Punishment Notes for April 17

Main points

Today’s class was primarily concerned with the three kinds of reasons for punishment that Feinberg identified: utilitarian, retributive, and vindictive.

Utilitarianism

I tried to show that utilitarianism does not come off as badly as you might think. For instance, punishing the innocent is quite unlikely to deter crime but it would have significant costs.

There may still be cases where utilitarian practices would be different from our own. For instance, utilitarians may be indifferent to utility producing crimes, such as Robin Hood’s (Brian), punishment that would harm third parties, like families (Nina), or petty crimes (Alex, via The Big Lebowski).

Or they may inflict what we regard as excessively harsh punishments in any of these cases.
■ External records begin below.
(* U = X1 - B (B'B)^-1 B'T is orthogonal to B, and T'T = L'L, T'L = L'T make
   it orthogonal to A M = ((T - L) | (L - T))/2 as well. *)
Lemma info_total_reduced : (k%:R : R) != 0 -> T^T *m L = L^T *m T ->
  info_total R d = 2^-1 *: (T^T *m T + T^T *m L)
                   - (k%:R)^-1 *: (T^T *m B *m (T^T *m B)^T).
Proof.
move=> k_neq0 symTL; have two_neq0 : (2 : R) != 0 by rewrite pnatr_eq0.
set N := T^T *m B; set U := X1mx R d - B *m ((k%:R)^-1 *: N^T).
have BTT : B^T *m T = N^T by rewrite /N trmx_mul trmxK.
have BTL : B^T *m L = N^T by rewrite /N -trLmx_Bmx trmx_mul trmxK.
have TU : T^T *m U = 2^-1 *: (T^T *m T + T^T *m L) - (k%:R)^-1 *: (N *m N^T).
  by rewrite /U X1mxE mulmxBr -scalemxAr mulmxDr mulmxA -/N -scalemxAr.
have LU : L^T *m U = T^T *m U.
  rewrite TU /U X1mxE mulmxBr -scalemxAr mulmxDr mulmxA trLmx_Bmx -/N.
  by rewrite -scalemxAr gram_Lmx -symTL [_ + T^T *m T]addrC.
have BU : B^T *m U = 0.
  rewrite /U X1mxE mulmxBr -scalemxAr mulmxDr BTT BTL mulmxA Bmx_plot_ind.
  rewrite gram_block_ind mul_scalar_mx scalerA mulfV // scale1r.
  by rewrite -mulr2n -scaler_nat scalerA mulVf // scale1r subrr.
have X2U : (X2mx R d)^T *m U = 0.
  rewrite /X2mx tr_row_mx mul_col_mx BU trmx_mul -mulmxA /Amx tr_row_mx mul_col_mx LU.
  rewrite (_ : col_mx _ _ = Kmx R t *m (T^T *m U)); last by rewrite /Kmx mul_col_mx !mul1mx.
  by rewrite mulmxA trMmx_Kmx mul0mx col_mx0.
have X1_split : X1mx R d = X2mx R d *m col_mx 0 ((k%:R)^-1 *: N^T) + U.
  by rewrite /X2mx mul_row_col mulmx0 add0r /U addrC subrK.
have residual : (1%:M - prX (X2mx R d)) *m X1mx R d = U.
  by rewrite {1}X1_split prX_perp_residual.
rewrite /info_total -mulmxA residual {1}X1mxE [(_ *: _)^T]linearZ /= [(T + L)^T]linearD /=.
rewrite -scalemxAl mulmxDl LU.
by rewrite -mulr2n -scaler_nat scalerA mulVf // scale1r TU.
Qed.

End DesignMatrices.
For instance, directly harming third parties is a common tactic used against suicide terrorism. You can’t deter suicidal terrorists by issuing threats against them, but you can threaten to harm their families. And states that face suicide terrorists do exactly that, with reasonable utilitarian justification.

One other thing is worth keeping in mind when thinking about utilitarian and retributive reasons for punishment. Utilitarians always push for the rationale for the non-utilitarian position. What is it to “fit” the punishment to the crime and how do we know what punishments are “fitting”?

Retributivism

Bernice uncovered an ambiguity in the second proposition of Feinberg’s “pure” version of retributivism. This says that “Moral guilt is a sufficient condition (‘irrespective of the consequences’) for justified punishment” (p. 800).
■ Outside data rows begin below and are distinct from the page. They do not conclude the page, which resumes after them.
Lemma vsub_inj P Q O : P <> Q -> vsub P O <> vsub Q O.
Proof.
  destruct P, Q, O; unfold vsub; cbn; intros HPQ E.
  injection E as E1 E2; apply HPQ; f_equal; lra.
Qed.

Lemma norm2_nonneg u : 0 <= norm2 u.
Proof. unfold norm2, dot; nra. Qed.

Lemma norm2_eq0 u : norm2 u = 0 -> u = (0, 0).
Proof.
  destruct u as [x y]; unfold norm2, dot; cbn; intros H.
  assert (x * x = 0 /\ y * y = 0) as [Hx Hy] by nra.
  f_equal; nra.
Qed.

Lemma norm2_vsub_pos P Q : P <> Q -> 0 < norm2 (vsub P Q).
Proof.
  destruct P as [p1 p2], Q as [q1 q2]; unfold norm2, dot, vsub; cbn; intros Hne.
  destruct (Req_dec p1 q1); [destruct (Req_dec p2 q2)|].
  - subst; now destruct Hne.
  - apply Rplus_le_lt_0_compat; [apply Rle_0_sqr | apply Rsqr_pos_lt; lra].
  - apply Rplus_lt_le_0_compat; [apply Rsqr_pos_lt; lra | apply Rle_0_sqr].
Qed.

Lemma edist_norm2 P Q : edist P Q = sqrt (norm2 (vsub P Q)).
Proof. unfold edist, norm2, dot, vsub; cbn; f_equal; ring. Qed.

Lemma edist_sqr P Q : edist P Q * edist P Q = norm2 (vsub P Q).
Proof. rewrite edist_norm2; apply sqrt_sqrt, norm2_nonneg. Qed.

Lemma edist_dist_euc P Q : edist P Q = dist_euc (fst P) (snd P) (fst Q) (snd Q).
Proof. unfold edist, dist_euc, Rsqr; f_equal; ring. Qed.

Lemma edist_sym P Q : edist P Q = edist Q P.
Proof. rewrite !edist_dist_euc; apply distance_symm. Qed.

Lemma edist_triangle P Q S : edist P S <= edist P Q + edist Q S.
Proof. rewrite !edist_dist_euc; apply triangle. Qed.

Lemma edist_refl P : edist P P = 0.
Proof. rewrite edist_dist_euc; apply distance_refl. Qed.

Lemma edist_nonneg P Q : 0 <= edist P Q.
Proof. apply sqrt_pos. Qed.

Lemma edist_pos P Q : P <> Q -> 0 < edist P Q.
Proof. intros; rewrite edist_norm2; now apply sqrt_lt_R0, norm2_vsub_pos. Qed.

Lemma edist_norm2_rev O P : edist O P = sqrt (norm2 (vsub P O)).
Proof. now rewrite edist_sym, edist_norm2. Qed.

Lemma norm2_eq_of_edist_eq O P Q :
  edist O P = edist O Q -> norm2 (vsub P O) = norm2 (vsub Q O).
Proof.
  rewrite !edist_norm2_rev; intros E.
  apply sqrt_inj; auto using norm2_nonneg.
Qed.

Lemma lerp_1 U V : lerp U V 1 = V.
Proof. destruct V; unfold lerp; cbn; f_equal; ring. Qed.

Lemma edist_lerp_l U V t : edist (lerp U V t) U = Rabs t * edist U V.
Proof.
  rewrite !edist_norm2, <- sqrt_Rsqr_abs, <- sqrt_mult_alt by apply Rle_0_sqr.
  f_equal; unfold norm2, dot, vsub, lerp, Rsqr; cbn; ring.
Qed.

Lemma edist_lerp_r U V t : edist (lerp U V t) V = Rabs (1 - t) * edist U V.
Proof.
  rewrite !edist_norm2, <- sqrt_Rsqr_abs, <- sqrt_mult_alt by apply Rle_0_sqr.
  f_equal; unfold norm2, dot, vsub, lerp, Rsqr; cbn; ring.
Qed.

Lemma edist_lerp_segment U V t : 0 <= t <= 1 ->
  edist (lerp U V t) U + edist (lerp U V t) V = edist U V.
Proof.
  intros Ht; rewrite edist_lerp_l, edist_lerp_r, !Rabs_pos_eq by lra; ring.
Qed.

Lemma continuity_edist_lerp U V F : continuity (fun t => edist (lerp U V t) F).
Proof.
  intro t; unfold edist, lerp; cbn [fst snd].
  apply continuity_pt_comp with (f2 := sqrt); [reg|].
  apply continuity_pt_sqrt, Rplus_le_le_0_compat; apply pow2_ge_0.
Qed.

Lemma side_lerp P Q U V t :
  side P Q (lerp U V t) = side P Q U + t * (side P Q V - side P Q U).
Proof. unfold side, cross, vsub, lerp; cbn; ring. Qed.

Lemma affine_root_unit_interval s1 s2 : s1 * s2 <= 0 ->
  exists t, 0 <= t <= 1 /\ s1 + t * (s2 - s1) = 0.
Proof.
  intros Hs; destruct (Req_dec s1 s2) as [E|E].
  - exists 0; subst s2; split; nra.
  - exists (s1 / (s1 - s2)); split; [|field; lra].
    assert (0 < (s1 - s2) * (s1 - s2)) by (apply Rsqr_pos_lt; lra).
    split; apply Rmult_le_reg_r with ((s1 - s2) * (s1 - s2)); try lra;
      field_simplify; nra.
Qed.

Lemma segment_meets_line P Q U V : side P Q U * side P Q V <= 0 ->
  exists Z, on_line P Q Z /\ edist Z U + edist Z V = edist U V.
Proof.
  intros Hs; destruct (affine_root_unit_interval _ _ Hs) as [t [Ht Hz]].
  exists (lerp U V t); split.
  - apply on_line_side; rewrite side_lerp; exact Hz.
  - now apply edist_lerp_segment.
Qed.

(** * Tangent lines to an ellipse *)

(* If a point Y of the line had focal sum < 2a, the focal sum along the ray from
   the point of tangency X through Y would reach 2a again beyond Y. *)
Lemma tangent_line_min P Q F1 F2 a : tangent_line P Q F1 F2 a ->
  forall Y, on_line P Q Y -> 2 * a <= edist Y F1 + edist Y F2.
Proof.
  intros [X [HX [HXe Huniq]]] Y HY.
  destruct (Rle_lt_dec (2 * a) (edist Y F1 + edist Y F2)) as [|Hlt]; [assumption|exfalso].
  unfold on_ellipse in HXe.
  assert (HXY : X <> Y) by (intros ->; lra).
  pose proof (edist_pos _ _ HXY) as Hd.
  pose proof (edist_nonneg X F1); pose proof (edist_nonneg X F2).
  set (h t := edist (lerp X Y t) F1 + edist (lerp X Y t) F2 - 2 * a).
  set (T := 2 * a / edist X Y + 2).
  assert (HT : 1 < T) by (unfold T, Rdiv; pose proof (Rle_mult_inv_pos (2 * a) (edist X Y)); lra).
  assert (HTd : T * edist X Y = 2 * a + 2 * edist X Y) by (unfold T; field; lra).
  assert (Hh1 : h 1 < 0) by (unfold h; rewrite lerp_1; lra).
  assert (HhT : 0 < h T).
  { pose proof (edist_triangle (lerp X Y T) F1 X) as H1.
    pose proof (edist_triangle (lerp X Y T) F2 X) as H2.
    rewrite edist_lerp_l, Rabs_pos_eq, (edist_sym F1) in H1 by lra.
    rewrite edist_lerp_l, Rabs_pos_eq, (edist_sym F2) in H2 by lra.
    unfold h; lra. }
  assert (Hc : continuity h).
  { apply continuity_minus; [apply continuity_plus|apply continuity_const; now intros ? ?];
      apply continuity_edist_lerp. }
  destruct (IVT h 1 T Hc HT Hh1 HhT) as [z [Hz Hhz]].
  assert (HZ : lerp X Y z = X).
  { apply Huniq.
    - rewrite on_line_side, side_lerp; rewrite on_line_side in HX, HY.
      rewrite HX, HY; ring.
    - unfold on_ellipse, h in *; lra. }
  pose proof (edist_lerp_l X Y z) as E.
  rewrite HZ, edist_refl, Rabs_pos_eq in E by lra; nra.
Qed.

Definition reflect (P Q X : point) : point :=
  let k := 2 * side P Q X / norm2 (vsub Q P) in
  (fst X + k * (snd Q - snd P), snd X - k * (fst Q - fst P)).

Section Reflection.

Variables P Q : point.
Hypothesis HPQ : P <> Q.

Let norm2_PQ_neq0 : norm2 (vsub Q P) <> 0.
Proof. apply Rgt_not_eq, norm2_vsub_pos; auto. Qed.

Lemma side_reflect X : side P Q (reflect P Q X) = - side P Q X.
Proof.
  pose proof norm2_PQ_neq0; destruct P, Q, X;
    unfold reflect, side, norm2, cross, dot, vsub in *; cbn in *.
  field; auto.
Qed.

Lemma norm2_reflect U V :
  norm2 (vsub (reflect P Q U) V)
  = norm2 (vsub U V) + 4 * side P Q U * side P Q V / norm2 (vsub Q P).
Proof.
  pose proof norm2_PQ_neq0; destruct P, Q, U, V;
    unfold reflect, side, norm2, cross, dot, vsub in *; cbn in *.
  field; auto.
Qed.

Lemma edist_reflect X Z : on_line P Q Z -> edist (reflect P Q X) Z = edist X Z.
Proof.
  rewrite on_line_side; intros HZ.
  rewrite !edist_norm2, norm2_reflect, HZ; f_equal; field; apply norm2_PQ_neq0.
Qed.

End Reflection.

(* Foci on opposite sides would put a point of the line inside the ellipse.
   Otherwise the segment from the mirror image W of F1 to F2 crosses the line, so
   the minimality of the focal sum on the line forces |W F2| = 2a, and
   norm2_reflect expands |W F2|^2. *)
Lemma tangent_focal_product P Q F1 F2 a : P <> Q -> is_ellipse F1 F2 a ->
  tangent_line P Q F1 F2 a ->
  4 * side P Q F1 * side P Q F2 = (4 * a * a - norm2 (vsub F1 F2)) * norm2 (vsub Q P).
Proof.
  intros HPQ Hell Htan; unfold is_ellipse in Hell.
  pose proof (tangent_line_min _ _ _ _ _ Htan) as Hmin.
  destruct (Rle_lt_dec (side P Q F1 * side P Q F2) 0) as [Hopp|Hsame].
  - exfalso; destruct (segment_meets_line _ _ _ _ Hopp) as [Z [HZ HZd]].
    specialize (Hmin Z HZ); lra.
  - set (W := reflect P Q F1).
    assert (HW : side P Q W * side P Q F2 <= 0)
      by (unfold W; rewrite side_reflect by exact HPQ; nra).
    destruct (segment_meets_line _ _ _ _ HW) as [Z [HZ HZd]].
    assert (Hlow : 2 * a <= edist W F2).
    { rewrite <- HZd, (edist_sym Z W); unfold W; rewrite edist_reflect by auto.
      rewrite (edist_sym F1 Z); now apply Hmin. }
    destruct Htan as [X [HX [HXe _]]]; unfold on_ellipse in HXe.
    assert (Hup : edist W F2 <= 2 * a).
    { pose proof (edist_triangle W X F2) as Htri.
      unfold W in *; rewrite (edist_reflect P Q HPQ F1 X HX), (edist_sym F1) in Htri; lra. }
    assert (E : edist W F2 * edist W F2 = 4 * a * a)
      by (replace (edist W F2) with (2 * a) by lra; ring).
    pose proof (norm2_vsub_pos _ _ (not_eq_sym HPQ)) as Hmm.
    unfold W in E; rewrite edist_sqr, norm2_reflect in E by auto.
    rewrite <- E; field; lra.
Qed.

(** * The triangle seen from the center of the ellipse *)

Lemma side_vsub P Q X O : side (vsub P O) (vsub Q O) (vsub X O) = side P Q X.
Proof. unfold side; now rewrite !vsub_vsub. Qed.

Lemma dotv_vsub V P Q O : dotv (vsub V O) (vsub P O) (vsub Q O) = dotv V P Q.
Proof. unfold dotv, vsub; cbn; ring. Qed.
Here is one way to interpret that. The fact that a person is guilty is enough to show that the state ought to punish him or her. This is so even if doing so is otherwise pointless or costly. (I think this is what Feinberg meant. The part in parentheses is what persuades me).

Here’s a different way to interpret it. The fact that a person is guilty is enough to show that the state would do nothing wrong by punishing him or her. The guilty person cannot legitimately complain if he or she is punished. But it does not follow that the state must punish. Perhaps, for instance, the costs of doing so are excessively high.

The second way is in keeping with my proposed impure rationale for punishment.

Vindictiveness

This is a bit of a curious category since all of its members fall into either the utilitarian or retributivist camps. What unifies all of the accounts described as “vindictive” is that they’re all concerned solely with the desire for vengeance.

These desires count for utilitarians just like any desires do. At least, they do provided we haven’t excluded them along the lines that Nina and David were suggesting.

They’re also related to retributivism since the desire for vengeance is a desire that people get what (bad things) they deserve. What seems to separate it from retributivism for Feinberg is that there’s no story told about desert. Rather, punishment is just a matter of expressing hatred towards criminals.